** Opening Records shown block **

Lemma QmodZ_torsion (m : nat) : m != 1%N -> exists e : QmodZ, e != 0 /\ e *+ m = 0.
Proof.
have inv_neq0 k : (1 < k)%N -> qzpi k%:R^-1 != 0.
  move=> k_gt1; apply/eqP => /qzpi_eq0 k_int.
  have k_gt0 : (0 < k%:R :> rat) by rewrite ltr0n ltnW.
  have := norm_intr_ge1 k_int; rewrite gtr0_norm ?invr_gt0 // invf_ge1 //.
  by rewrite invr_eq0 gt_eqF // lern1 leqNgt k_gt1 => /(_ isT).
case: m => [|m] m_neq1.
  by exists (qzpi 2%:R^-1); split; [exact: inv_neq0 | rewrite mulr0n].
exists (qzpi m.+1%:R^-1); split; first by apply: inv_neq0; case: m m_neq1.
rewrite -raddfMn -[_ *+ _]mulr_natr mulVf ?pnatr_eq0 //.
by apply: (qzpi_eq0 1).2; exact: rpred1.
Qed.

(** * Extending homomorphisms into a divisible group *)

Section Subgroups.
Variable V : zmodType.
Implicit Types S : set V.

Definition subgroup S := S 0 /\ forall x y, S x -> S y -> S (x - y).

Lemma subgroupN S x : subgroup S -> S x -> S (- x).
Proof. by move=> [S0 SB] Sx; rewrite -sub0r; apply: SB. Qed.

Lemma subgroupD S x y : subgroup S -> S x -> S y -> S (x + y).
Proof. by move=> SG Sx Sy; rewrite -[y]opprK; apply: SG.2 => //; apply: subgroupN. Qed.

Lemma subgroupMz S x k : subgroup S -> S x -> S (x *~ k).
Proof.
move=> SG Sx; have SMn n : S (x *+ n).
  by elim: n => [|n IH]; [rewrite mulr0n; exact: SG.1 | rewrite mulrS; apply: subgroupD].
by case: k => n; [rewrite -pmulrn | rewrite NegzE mulrNz -pmulrn; apply: subgroupN].
Qed.

Lemma subgroup_multiples S v :
  subgroup S -> exists m : nat, forall k, S (v *~ k) <-> (m %| k)%Z.
Proof.
move=> SG; have Smul (m : nat) (q : int) : S (v *+ m) -> S (v *~ (q * m)).
  by move=> Sm; rewrite [q * _]mulrC mulrzA -pmulrn; apply: subgroupMz.
have [[n [n_gt0 Sn]]|noPos] := pselect (exists n : nat, (0 < n)%N /\ S (v *+ n)).
  pose P n := `[< (0 < n)%N /\ S (v *+ n) >].
  have exP : exists n, P n by exists n; apply/asboolP.
  have [m /asboolP [m_gt0 Sm] m_min] := ex_minnP exP.
  exists m => k; split=> [Sk|/dvdzP [q ->]]; last exact: Smul.
  have m_neq0 : m%:Z != 0 by rewrite eqz_nat -lt0n.
  have m_pos : 0 < m%:Z by rewrite ltz_nat.
  have Sr : S (v *~ (k %% m%:Z)%Z).
    have -> : (k %% m%:Z)%Z = k - (k %/ m%:Z)%Z * m.
      by rewrite {2}(divz_eq k m%:Z) addrAC subrr add0r.
    rewrite mulrzBr; apply: SG.2 => //.
    exact: Smul.
  apply/dvdz_mod0P; move: Sr (modz_ge0 k m_neq0) (ltz_pmod k m_pos).
  case: (k %% m%:Z)%Z => [[|r]|//] // Sr _ r_lt.
  have /m_min : P r.+1 by apply/asboolP; rewrite pmulrn.
  by rewrite leqNgt -ltz_nat r_lt.
exists 0%N => k; rewrite dvd0z; split=> [Sk|/eqP->]; last by rewrite mulr0z; exact: SG.1.
apply/eqP; apply: contra_notP noPos => /eqP k_neq0.
exists `|k|%N; split; first by rewrite absz_gt0.
case: k k_neq0 Sk => n _ Sk; first by rewrite pmulrn.
by move: Sk; rewrite NegzE mulrNz -pmulrn => /(subgroupN SG); rewrite opprK.
Qed.
End Subgroups.

Section DivisibleExtension.
Variables G D : zmodType.
Implicit Types (Gam : set (G * D)) (v : G) (e : D).

Definition hom_graph Gam := subgroup Gam /\ forall d, Gam (0, d) -> d = 0.

Lemma hom_graph_fun Gam x d d' : hom_graph Gam -> Gam (x, d) -> Gam (x, d') -> d = d'.
Proof.
move=> [SG Gam0] h h'; apply/eqP; rewrite -subr_eq0; apply/eqP/Gam0.
by rewrite -(subrr x); exact: SG.2 _ _ h h'.
Qed.

Lemma pairMz (z : G * D) k : z *~ k = (z.1 *~ k, z.2 *~ k).
Proof. by rewrite [LHS]surjective_pairing (raddfMz fst) (raddfMz snd). Qed.

Definition adjoin Gam v e : set (G * D) :=
  fun z => exists x d k, Gam (x, d) /\ z = (x + v *~ k, d + e *~ k).

Lemma adjoin_sup Gam v e : Gam `<=` adjoin Gam v e.
Proof. by case=> x d Gxd; exists x, d, 0; rewrite !mulr0z !addr0. Qed.

Lemma adjoin_gen Gam v e : Gam (0, 0) -> adjoin Gam v e (v, e).
Proof. by exists 0, 0, 1; rewrite !add0r !mulr1z. Qed.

** Closing Records shown block **

**Task prompt:**
Copy all lines in the listing above where the string "first" appears.

**Exercise solution:**
exists (qzpi m.+1%:R^-1); split; first by apply: inv_neq0; case: m m_neq1.
exists `|k|%N; split; first by rewrite absz_gt0.
case: k k_neq0 Sk => n _ Sk; first by rewrite pmulrn.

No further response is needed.